I mean, I hadn’t named anyone in the video. Well, except her. I gave her a name because she needed a name. Something that wasn’t mine. But I didn’t name anyone real in the video.
My heart hammered in my chest as I uploaded it to the YouTube channel. I thought maybe a few people would see it and laugh, maybe leave a couple of comments about it. I didn’t expect… I didn’t think it would go the way it did.
After what seemed like the millionth share on every single one of the social media platforms the school used, I realized he was going to see it. Not if, not “he might,” but he was going to see it.
The comments were atrocious. Not about him, but about the bully he’d obliterated with only his words. People shared stories far too similar to the one I told, stories of aggressive jealousy and idle threats, stories without a hero to take down the villain, stories where people silently accepted the actions of a pig and let him get away with them.
I made him the hero. I told a story that people needed to hear, gave them a point to rally around. I never named him, but I was sure people suspected. They plotted and debated, trying to figure out who the mathematician was, abuzz with conspiracy and delighted by the mystery.
Watching quietly, I felt a sick sense of pride in what I had accomplished by sharing the story.
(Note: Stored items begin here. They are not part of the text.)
Lemma notin_mixed_lines (I J V : finType) (P : I -> J -> V) X i j j' :
  i \notin mixed_lines P X -> P i j \in X -> P i j' \in X.
Proof.
rewrite inE negb_and => /orP[/existsPn pure|/existsPn pure] Pij.
  by move: (pure j); rewrite Pij.
exact: negbNE (pure j').
Qed.

Section Lines.
Variables (V : finType) (adj : rel V) (k l : nat) (P : 'I_k -> 'I_l.+1 -> V).
Hypothesis adj_sym : symmetric adj.
Hypothesis adj_line : forall r r' c, c != ord0 -> adj (P r ord0) (P r' c) = (r <= r').

Lemma anchored_lines_bound (X : {set V}) :
  #|[set r | (P r ord0 \in X) && [exists c, P r c \notin X]]| <= cut_rank adj X.
Proof.
set S := [set r | _]; pose exit r := odflt ord0 [pick c | P r c \notin X].
have exitP r : r \in S -> (P r (exit r) \notin X) && (exit r != ord0).
  rewrite inE => /andP[Pr0 /existsP[c Prc]]; rewrite /exit.
  case: pickP => [c' Prc'|/(_ c)]; last by rewrite Prc.
  by rewrite Prc' /=; apply: contraTneq Pr0 => c'0; rewrite -c'0.
rewrite -{1}(mxrank_upper_ones 'F_2 #|S|).
have -> : (\matrix_(i < #|S|, j < #|S|) ((i <= j)%N%:R : 'F_2) =
    \matrix_(i, j) (adj (P (enum_val i) ord0) (P (enum_val j) (exit (enum_val j))))%:R)%R.
  apply/matrixP => i j; rewrite !mxE adj_line ?leq_enum_val //.
  by case/andP: (exitP _ (enum_valP j)).
apply: cut_rank_ge => i; first by have := enum_valP i; rewrite inE => /andP[].
by case/andP: (exitP _ (enum_valP i)).
Qed.

Lemma mixed_lines_bound (X : {set V}) : #|mixed_lines P X| <= 2 * cut_rank adj X.
Proof.
rewrite mul2n -addnn -{2}(cut_rank_setC adj_sym X).
apply: leq_trans (leq_add (anchored_lines_bound X) (anchored_lines_bound (~: X))).
apply: leq_trans (leq_card_setU _ _); apply: subset_leq_card; apply/subsetP => r.
rewrite !inE => /andP[/existsP[c Prc] /existsP[c' Prc']].
case: (P r ord0 \in X) => /=; [rewrite orbF|]; apply/existsP.
  by exists c'.
by exists c; rewrite inE negbK.
Qed.
End Lines.

Section Grid.
Variable m : nat.
Local Notation n := m.+1.
Local Notation V := (grid_vertex n).
Definition grid_row (r c : 'I_n) : V := (r, c).
Definition grid_col (c r : 'I_n) : V := (r, c).
Local Notation rows X := (mixed_lines grid_row X).
Local Notation cols X := (mixed_lines grid_col X).

Lemma comp_grid_sym : symmetric (comp_grid n).
Proof. by move=> a b; rewrite /comp_grid eq_sym orbC. Qed.

Lemma comp_grid_row (r r' c : 'I_n) :
  c != ord0 -> comp_grid n (r, ord0) (r', c) = (r <= r').
Proof.
move=> c0; rewrite /comp_grid xpair_eqE [ord0 == c]eq_sym (negbTE c0) andbF /=.
by rewrite leqn0 -[c == 0 :> nat]/(c == ord0) (negbTE c0) !andbF orbF andbT.
Qed.

Lemma comp_grid_col (r r' c : 'I_n) :
  c != ord0 -> comp_grid n (ord0, r) (c, r') = (r <= r').
Proof.
move=> c0; rewrite /comp_grid xpair_eqE [ord0 == c]eq_sym (negbTE c0) /=.
by rewrite leqn0 -[c == 0 :> nat]/(c == ord0) (negbTE c0) /= orbF.
Qed.

Lemma setC_sub_mixed (X : {set V}) r0 c0 :
    r0 \notin rows X -> c0 \notin cols X -> (r0, c0) \in X ->
  ~: X \subset setX (rows X) (cols X).
Proof.
move=> r0_pure c0_pure Xr0c0; apply/subsetP => -[r c]; rewrite !inE /= => Xrc.
apply/andP; split; apply/andP; split; apply/existsP.
- by exists c0; apply: notin_mixed_lines c0_pure Xr0c0.
- by exists c.
- by exists r0; apply: notin_mixed_lines r0_pure Xr0c0.
- by exists r.
Qed.

Lemma mixed_rows_or_cols (X : {set V}) :
    n * n <= 4 * #|X| -> n * n <= 4 * #|~: X| ->
  n <= 2 * #|rows X| \/ n <= 2 * #|cols X|.
Proof.
move=> largeX largeCX.
have [|few_rows] := leqP n (2 * #|rows X|); first by left.
have [|few_cols] := leqP n (2 * #|cols X|); first by right.
have /card_gt0P[r0] : 0 < #|~: rows X| by have := cardsC (rows X); rewrite card_ord; lia.
have /card_gt0P[c0] : 0 < #|~: cols X| by have := cardsC (cols X); rewrite card_ord; lia.
rewrite !in_setC => c0_pure r0_pure; exfalso.
have [Y [rowsY colsY Y_r0c0 largeCY]] : exists Y : {set V},
    [/\ rows Y = rows X, cols Y = cols X, (r0, c0) \in Y & n * n <= 4 * #|~: Y|].
  case: (boolP ((r0, c0) \in X)) => [Xr0c0|CXr0c0]; first by exists X.
  by exists (~: X); split; rewrite ?mixed_lines_setC ?setCK ?inE.
rewrite -rowsY in few_rows r0_pure; rewrite -colsY in few_cols c0_pure.
by have := subset_leq_card (setC_sub_mixed r0_pure c0_pure Y_r0c0); rewrite cardsX; nia.
Qed.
I watched people come together, band together against that scumbag, and knew they would never suspect it was me behind the video. I had left no trace of myself, erasing everything that made me the small nothing that I was, free to witness the reverberations of my actions.
The only downside was not knowing what he thought and having no way to ask.
I resolved to let it lie, to keep the secret to myself, and to let it fade away into the recesses of the internet’s memory, no one the wiser to who the girl in the video was.